Только у Грильпарцера австрийская новая поэзия встает на ноги и достигает классического качества, не оставляя риторических рамок, приемов, которые, впрочем, были общи для всей европейской романтической поэзии и в ней использовались и ломались. Здесь лирика на высоте отечественной идейно-нравственной традиции, она ее осуществляет, осуществляется в ней — не без явных трудностей. Мрачновато-сдержанный, Грильпарцер не создавал поэзию открытого, обнаженного чувства — чувство в его стихах приторможено, оно выражено контурно, прерывисто, чуть бесплотно, чуть угловато. А ведь Грильпарцер был мастером настоящей поэтической музыки, какой добивался тогда, когда мог почти совершенно отстранять свое «я» (в лирике оно иной раз стоит ему поперек дороги); Гейнц Киндерман не случайно назвал драму Грильпарцера «Волны моря и любви» самой прекрасной из драм, когда-либо написанных по-немецки[8]. Чего стоит одно ее название — «Des Meeres und der Liebe Wellen», необычное и не сентиментальное, а возвышающее лирический поток мысли, чувства, стиха — в их слитности. Австрийское искусство XIX века не могло бы создать ничего подобного «Тристану и Изольде» Вагнера — динамике безысходного томления в австрийской музыке противостоят величественные конструкции брукнеровских симфоний, «готические соборы», по давнему удачному сравнению. Немецкой трагедии любви в австрийской поэзии соответствует и противостоит драма Грильпарцера о Геро и Леандре, вобравшая в себя прекрасную и простую музыку слова. Всегда неповторимо-особенный тон несказанно тонко и конкретно передает внутренние движения, жесты персонажа; патетика Шиллера, нарочитые нагнетания Клейста, словоизвержения Вагнера, громкая риторика Ф. Геббеля ему чужды. Чтобы быть лиричным, Грильпарцеру надо смотреть на лирическое «я» со стороны:
Wie schön du brennst, о Lampe, meine Freundin Noch ists nicht Nacht, und doch geht alles Licht,
Das rings umher die laute Welt erleuchtet,
Von dir aus, dir, du Sonne meiner Nacht.
We an der Mutter Brust hängt alles Wesen An deinem Umkreis, saudend deinen Strahl.
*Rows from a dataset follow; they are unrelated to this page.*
(* Let $p_0<1$. For each $n$ let $(C_{n,i})_{i\ge1}$ be independent events with $P(C_{n,i})\le p_0$ for all $i$. Suppose there is a random variable $M^*$ with values in $\{0,1,2,\dots;\infty\}$ such that $\sum_i\mathbf 1_{C_{n,i}}\to M^*$ in distribution on $\{0,1,2,\dots;\infty\}$ (with its one-point compactification topology) as $n\to\infty$. Then either $P(M^*=0)>0$ or $P(M^*=\infty)=1$. *)

From HB Require Import structures.
From mathcomp Require Import all_boot all_order all_algebra.
From mathcomp Require Import all_classical all_reals all_analysis measurable_realfun.
Set Implicit Arguments. Unset Strict Implicit. Unset Printing Implicit Defensive.
Import Order.TTheory GRing.Theory Num.Theory.
Import numFieldNormedType.Exports.
Local Open Scope classical_set_scope.
Local Open Scope ring_scope.

(* The space {0,1,2,...;oo}, viewed as a subspace of the extended reals.
   The subspace topology induced by \bar R is exactly the one-point
   compactification topology of the discrete space N. *)
Definition extnat (R : realType) : set (\bar R) :=
  [set x | x = +oo%E \/ exists k : nat, x = (k%:R)%:E].

Definition count_events (T : Type) (R : realType) (C : nat -> set T) (x : T)
  : \bar R := (\sum_(0 <= i <oo) ((\1_(C i) x : R)%:E))%E.

Definition mutually_independent (d : measure_display) (T : measurableType d)
  (R : realType) (P : probability T R) (C : nat -> set T) : Prop :=
  forall s : seq nat, uniq s ->
    P (\big[setI/setT]_(i <- s) C i) = (\prod_(i <- s) P (C i))%E.

Definition cvg_dist_extnat (R : realType)
  (d : nat -> measure_display) (T : forall n, measurableType (d n))
  (P : forall n, probability (T n) R) (X : forall n, T n -> \bar R)
  (d0 : measure_display) (T0 : measurableType d0) (P0 : probability T0 R)
  (Y : T0 -> \bar R) : Prop :=
  forall f : \bar R -> R,
    {within @extnat R, continuous f} ->
    (exists B : R, forall x : \bar R, @extnat R x -> `|f x| <= B) ->
    (fun n => (\int[P n]_x (f (X n x))%:E)%E) @ \oo
      --> (\int[P0]_x (f (Y x))%:E)%E.

From HB Require Import structures.
From mathcomp Require Import all_boot all_order all_algebra.
From mathcomp Require Import all_classical all_reals all_analysis measurable_realfun.
From mathcomp Require Import ring lra.
Set Implicit Arguments.
Unset Strict Implicit.
Unset Printing Implicit Defensive.
Import Order.TTheory GRing.Theory Num.Theory.
Import numFieldNormedType.Exports.
Local Open Scope classical_set_scope.
Local Open Scope ring_scope.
Hier will ich sitzen, will dein Licht bewahren,
Daß es der Wind nicht neidisch mir verlöscht.
Hier ist es kühl, im Turme schwül und schläfrig,
Die dumpfe Luft drückt dort die Augen zu.
Das aber soll nicht sein, es gilt zu wachen[9].
Между тем в собственно лирическом стихотворении Грильпарцер мог написать иногда:
…Denn er, der Allbelaurer, sah übrall Lauscherblick[10].
Написанное не просто не звучит, но и толком непроизносимо.
Идеи, образы, мысли, представления, занимавшие европейский романтизм, присутствуют в его стихах — однако отнюдь не в романтическом обличье:
Auf blinkenden Gefilden Ringsum nur Eis und Schnee,
Verstummt der Trieb zu bilden.
Kein Sänger in der Höh.
Kein Strauch, der Labung böte,
Kein Sonnenstrahl, der frei,
Und nur des Nordlichts Röte Zeigt wüst die Wüstenei.
So siehts in einem Innern,
So stehts in einer Brust,
Erstorben die Gefühle,
Des Grünens frische Lust.
Nur schimmernde Ideen,
Im Kalten angefacht,
Erheben sich, entstehen Und schwinden in die Nacht[11].
Это «Полярная сцена» из цикла «Tristia ex Ponto» (1833). Название навеяно «Скорбными элегиями» Овидия, и тема безжизненного севера — тема овидиевская. Такое стихотворение не назвать, однако, риторическим упражнением — своя для Грильпарцера тема решена стилистически ново. Но вот что характерно: душа в параллель с северной пустыней — не душа самого поэта, не «моя» душа, а душа вообще, чья-то душа, которая лежит перед глазами поэта как пейзаж, изведанная изнутри, но не своя![12]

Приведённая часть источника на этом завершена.